Data excerpts:
Definition Ldg : digraph :=
  Digraph (Z * T3) (fun _ => True)
    (fun p q => fst q = fst p + 1 /\
       (Z.even (fst p) = true \/
        (Z.odd (fst p) = true /\ t3z (snd p) + t3z (snd q) <> 0))).

Definition phi1 (p : vt Ldg) : Z := fst p.
Definition phi2 (p : vt Ldg) : Z := fst p + 1.

Definition Ddg : digraph := lprod Ldg Ldg Z phi1 phi2.

(* K_{3,3} and AC_6 on vertices bool * T3 (false = initial, true = terminal) *)
Definition K33 : digraph :=
  Digraph (bool * T3) (fun _ => True)
    (fun p q => fst p = false /\ fst q = true).

Definition AC6 : digraph :=
  Digraph (bool * T3) (fun _ => True)
    (fun p q => fst p = false /\ fst q = true /\ t3z (snd p) + t3z (snd q) <> 0).

Definition psi (p : bool * T3) : Z := if fst p then 1 else 0.

Definition KxAC : digraph := lprod K33 AC6 Z psi psi.

(* Every arc of D raises the level (the index of the first coordinate) by one, and consecutive
   arcs of an alternating walk share an endpoint, so an alternating walk stays inside one layer
   of arcs with a common initial level: Delta(e) lies in the layer of e.  The arcs of layer i are
   ((i,x),(i-1,y)) -> ((i+1,x'),(i,y')), and of the two L-arcs involved only the one leaving the
   odd level is constrained; so layer i is a copy of K33 x AC6, with the K33 label on the
   coordinate at the even level and the AC6 label on the other.  An explicit alternating walk
   through all 54 arcs of K33 x AC6 shows that the whole layer is one reachability class.
   Arc-transitivity of K33 x AC6: permute the K33 labels freely on each side, and the AC6 labels
   by one permutation r of {-1,0,1}, applied as -r(-.) on terminal vertices. *)

From Stdlib Require Import ZArith List Relations Lia.
Import ListNotations.
Open Scope Z_scope.

Lemma iso_map_comp (G H K : digraph) f g :
  iso_map G H f -> iso_map H K g -> iso_map G K (fun x => g (f x)).
Proof.
  intros (F1 & F2 & F3 & F4) (G1 & G2 & G3 & G4). split; [|split; [|split]].
  - auto.
  - intros x y Hx Hy E. apply F2; auto.
  - intros z Hz. destruct (G3 z Hz) as (y & Hy & <-).
    destruct (F3 y Hy) as (x & Hx & <-). eauto.
  - intros x y Hx Hy. rewrite (F4 _ _ Hx Hy). apply G4; auto.
Qed.

Lemma iso_map_inverse (G H : digraph) f g :
  iso_map G H f -> (forall x, vset G x -> g (f x) = x) -> iso_map H G g.
Proof.
  intros (Hv & _ & Hsurj & Harc) Hgf. split; [|split; [|split]].
  - intros y Hy. destruct (Hsurj y Hy) as (x & Hx & <-). rewrite Hgf; auto.
  - intros y1 y2 Hy1 Hy2 E.
    destruct (Hsurj y1 Hy1) as (x1 & Hx1 & <-), (Hsurj y2 Hy2) as (x2 & Hx2 & <-).
    rewrite !Hgf in E by assumption. now subst.
  - intros x Hx. exists (f x). auto.
  - intros y1 y2 Hy1 Hy2.
    destruct (Hsurj y1 Hy1) as (x1 & Hx1 & <-), (Hsurj y2 Hy2) as (x2 & Hx2 & <-).
    rewrite !Hgf by assumption. symmetry; auto.
Qed.

Definition adj (G : digraph) (x y : vt G) : Prop := arc G x y \/ arc G y x.

Lemma clos_rt_sym (A : Type) (R : relation A) :
  (forall x y, R x y -> R y x) ->
  forall x y, clos_refl_trans A R x y -> clos_refl_trans A R y x.
Proof.
  intros HR x y H; induction H.
  - apply rt_step; auto.
  - apply rt_refl.
  - eapply rt_trans; eauto.
Qed.

Lemma connected_of_root (G : digraph) r :
  vset G r -> (forall x, vset G x -> clos_refl_trans (vt G) (adj G) x r) -> connected G.
Proof.
  intros Hr Hroot. split; [eauto|].
  intros x y Hx Hy. apply rt_trans with r; [now apply Hroot|].
  apply clos_rt_sym; [unfold adj; tauto | now apply Hroot].
Qed.

Lemma is_narc_1 (G : digraph) s :
  is_narc G 1 s <-> exists u v, s = [u; v] /\ is_edge G (u, v).
Proof.
  split.
  - intros (Hlen & Hv & Ha).
    destruct s as [|u [|v [|w s]]]; try discriminate.
    exists u, v. split; [reflexivity|].
    repeat split; [apply Hv; cbn; tauto | apply Hv; cbn; tauto | exact (Ha 0%nat u v eq_refl eq_refl)].
  - intros (u & v & -> & Hu & Hv & Huv). split; [reflexivity|split].
    + intros w [<-|[<-|[]]]; assumption.
    + intros [|[|i]] x y Ex Ey; try discriminate.
      injection Ex as <-; injection Ey as <-; exact Huv.
Qed.
Lemma dexp_retry_le (T : Type) n (d : dist R (option T)) (g : T -> R) :
  subdist d -> (forall x, 0 <= g x) ->
  dexp (retry n d) (oapp g 0) <= n%:R * dexp d (oapp g 0).
Proof.
move=> d_sub g_ge0; have og_ge0 o : 0 <= oapp g 0 o by case: o.
have E_ge0 : 0 <= dexp d (oapp g 0) by apply: dexp_ge0 => //; case: d_sub.
elim: n => [|n IHn] /=; first by rewrite dexp_ret mul0r.
rewrite dexp_bind.
apply: (@le_trans _ _ (dexp d (fun o => oapp g 0 o + n%:R * dexp d (oapp g 0)))).
  apply: ler_dexp => [|[x|]]; first by case: d_sub.
    by rewrite dexp_ret /= lerDl mulr_ge0.
  by rewrite add0r.
rewrite dexpD mulrSr mulrDl mul1r addrC lerD2r.
by apply: dexp_cst_le => //; rewrite mulr_ge0.
Qed.

Lemma subdist_sample (T U : Type) (s : seq T) (f : T -> U) :
  subdist (dbind (duniform R s) (fun x => dret R (f x))).
Proof. by apply: subdist_bind => [|x]; [exact: subdist_uniform | exact: subdist_ret]. Qed.

Lemma dexp_retry_sample_le (T U : Type) n (s : seq T) (f : T -> option U) (g : U -> R) :
  (forall y, 0 <= g y) ->
  dexp (retry n (dbind (duniform R s) (fun x => dret R (f x)))) (oapp g 0)
  <= n%:R * ((size s)%:R^-1 * \sum_(x <- s) oapp g 0 (f x)).
Proof.
move=> g_ge0; apply: le_trans (dexp_retry_le _ (subdist_sample _ _) g_ge0) _.
by rewrite dexp_bind dexp_uniform; under eq_bigr do rewrite dexp_ret.
Qed.

End Subdistributions.

Lemma sum_oapp_if (R : realType) (T U : Type) (s : seq T) (P : pred T) (f : T -> U) (g : U -> R) :
  \sum_(x <- s) oapp g 0 (if P x then Some (f x) else None) = \sum_(x <- s | P x) g (f x).
Proof. by rewrite [RHS]big_mkcond; apply: eq_bigr => x _; case: (P x). Qed.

What the task requires: Output the listing above in full. Every line must match.

Response box:
Definition Ldg : digraph :=
  Digraph (Z * T3) (fun _ => True)
    (fun p q => fst q = fst p + 1 /\
       (Z.even (fst p) = true \/
        (Z.odd (fst p) = true /\ t3z (snd p) + t3z (snd q) <> 0))).

Definition phi1 (p : vt Ldg) : Z := fst p.
Definition phi2 (p : vt Ldg) : Z := fst p + 1.

Definition Ddg : digraph := lprod Ldg Ldg Z phi1 phi2.

(* K_{3,3} and AC_6 on vertices bool * T3 (false = initial, true = terminal) *)
Definition K33 : digraph :=
  Digraph (bool * T3) (fun _ => True)
    (fun p q => fst p = false /\ fst q = true).

Definition AC6 : digraph :=
  Digraph (bool * T3) (fun _ => True)
    (fun p q => fst p = false /\ fst q = true /\ t3z (snd p) + t3z (snd q) <> 0).

Definition psi (p : bool * T3) : Z := if fst p then 1 else 0.

Definition KxAC : digraph := lprod K33 AC6 Z psi psi.

(* Every arc of D raises the level (the index of the first coordinate) by one, and consecutive
   arcs of an alternating walk share an endpoint, so an alternating walk stays inside one layer
   of arcs with a common initial level: Delta(e) lies in the layer of e.  The arcs of layer i are
   ((i,x),(i-1,y)) -> ((i+1,x'),(i,y')), and of the two L-arcs involved only the one leaving the
   odd level is constrained; so layer i is a copy of K33 x AC6, with the K33 label on the
   coordinate at the even level and the AC6 label on the other.  An explicit alternating walk
   through all 54 arcs of K33 x AC6 shows that the whole layer is one reachability class.
   Arc-transitivity of K33 x AC6: permute the K33 labels freely on each side, and the AC6 labels
   by one permutation r of {-1,0,1}, applied as -r(-.) on terminal vertices. *)

From Stdlib Require Import ZArith List Relations Lia.
Import ListNotations.
Open Scope Z_scope.

Lemma iso_map_comp (G H K : digraph) f g :
  iso_map G H f -> iso_map H K g -> iso_map G K (fun x => g (f x)).
Proof.
  intros (F1 & F2 & F3 & F4) (G1 & G2 & G3 & G4). split; [|split; [|split]].
  - auto.
  - intros x y Hx Hy E. apply F2; auto.
  - intros z Hz. destruct (G3 z Hz) as (y & Hy & <-).
    destruct (F3 y Hy) as (x & Hx & <-). eauto.
  - intros x y Hx Hy. rewrite (F4 _ _ Hx Hy). apply G4; auto.
Qed.

Lemma iso_map_inverse (G H : digraph) f g :
  iso_map G H f -> (forall x, vset G x -> g (f x) = x) -> iso_map H G g.
Proof.
  intros (Hv & _ & Hsurj & Harc) Hgf. split; [|split; [|split]].
  - intros y Hy. destruct (Hsurj y Hy) as (x & Hx & <-). rewrite Hgf; auto.
  - intros y1 y2 Hy1 Hy2 E.
    destruct (Hsurj y1 Hy1) as (x1 & Hx1 & <-), (Hsurj y2 Hy2) as (x2 & Hx2 & <-).
    rewrite !Hgf in E by assumption. now subst.
  - intros x Hx. exists (f x). auto.
  - intros y1 y2 Hy1 Hy2.
    destruct (Hsurj y1 Hy1) as (x1 & Hx1 & <-), (Hsurj y2 Hy2) as (x2 & Hx2 & <-).
    rewrite !Hgf by assumption. symmetry; auto.
Qed.

Definition adj (G : digraph) (x y : vt G) : Prop := arc G x y \/ arc G y x.

Lemma clos_rt_sym (A : Type) (R : relation A) :
  (forall x y, R x y -> R y x) ->
  forall x y, clos_refl_trans A R x y -> clos_refl_trans A R y x.
Proof.
  intros HR x y H; induction H.
  - apply rt_step; auto.
  - apply rt_refl.
  - eapply rt_trans; eauto.
Qed.

Lemma connected_of_root (G : digraph) r :
  vset G r -> (forall x, vset G x -> clos_refl_trans (vt G) (adj G) x r) -> connected G.
Proof.
  intros Hr Hroot. split; [eauto|].
  intros x y Hx Hy. apply rt_trans with r; [now apply Hroot|].
  apply clos_rt_sym; [unfold adj; tauto | now apply Hroot].
Qed.

Lemma is_narc_1 (G : digraph) s :
  is_narc G 1 s <-> exists u v, s = [u; v] /\ is_edge G (u, v).
Proof.
  split.
  - intros (Hlen & Hv & Ha).
    destruct s as [|u [|v [|w s]]]; try discriminate.
    exists u, v. split; [reflexivity|].
    repeat split; [apply Hv; cbn; tauto | apply Hv; cbn; tauto | exact (Ha 0%nat u v eq_refl eq_refl)].
  - intros (u & v & -> & Hu & Hv & Huv). split; [reflexivity|split].
    + intros w [<-|[<-|[]]]; assumption.
    + intros [|[|i]] x y Ex Ey; try discriminate.
      injection Ex as <-; injection Ey as <-; exact Huv.
Qed.
Lemma dexp_retry_le (T : Type) n (d : dist R (option T)) (g : T -> R) :
  subdist d -> (forall x, 0 <= g x) ->
  dexp (retry n d) (oapp g 0) <= n%:R * dexp d (oapp g 0).
Proof.
move=> d_sub g_ge0; have og_ge0 o : 0 <= oapp g 0 o by case: o.
have E_ge0 : 0 <= dexp d (oapp g 0) by apply: dexp_ge0 => //; case: d_sub.
elim: n => [|n IHn] /=; first by rewrite dexp_ret mul0r.
rewrite dexp_bind.
apply: (@le_trans _ _ (dexp d (fun o => oapp g 0 o + n%:R * dexp d (oapp g 0)))).
  apply: ler_dexp => [|[x|]]; first by case: d_sub.
    by rewrite dexp_ret /= lerDl mulr_ge0.
  by rewrite add0r.
rewrite dexpD mulrSr mulrDl mul1r addrC lerD2r.
by apply: dexp_cst_le => //; rewrite mulr_ge0.
Qed.

Lemma subdist_sample (T U : Type) (s : seq T) (f : T -> U) :
  subdist (dbind (duniform R s) (fun x => dret R (f x))).
Proof. by apply: subdist_bind => [|x]; [exact: subdist_uniform | exact: subdist_ret]. Qed.

Lemma dexp_retry_sample_le (T U : Type) n (s : seq T) (f : T -> option U) (g : U -> R) :
  (forall y, 0 <= g y) ->
  dexp (retry n (dbind (duniform R s) (fun x => dret R (f x)))) (oapp g 0)
  <= n%:R * ((size s)%:R^-1 * \sum_(x <- s) oapp g 0 (f x)).
Proof.
move=> g_ge0; apply: le_trans (dexp_retry_le _ (subdist_sample _ _) g_ge0) _.
by rewrite dexp_bind dexp_uniform; under eq_bigr do rewrite dexp_ret.
Qed.

End Subdistributions.

Lemma sum_oapp_if (R : realType) (T U : Type) (s : seq T) (P : pred T) (f : T -> U) (g : U -> R) :
  \sum_(x <- s) oapp g 0 (if P x then Some (f x) else None) = \sum_(x <- s | P x) g (f x).
Proof. by rewrite [RHS]big_mkcond; apply: eq_bigr => x _; case: (P x). Qed.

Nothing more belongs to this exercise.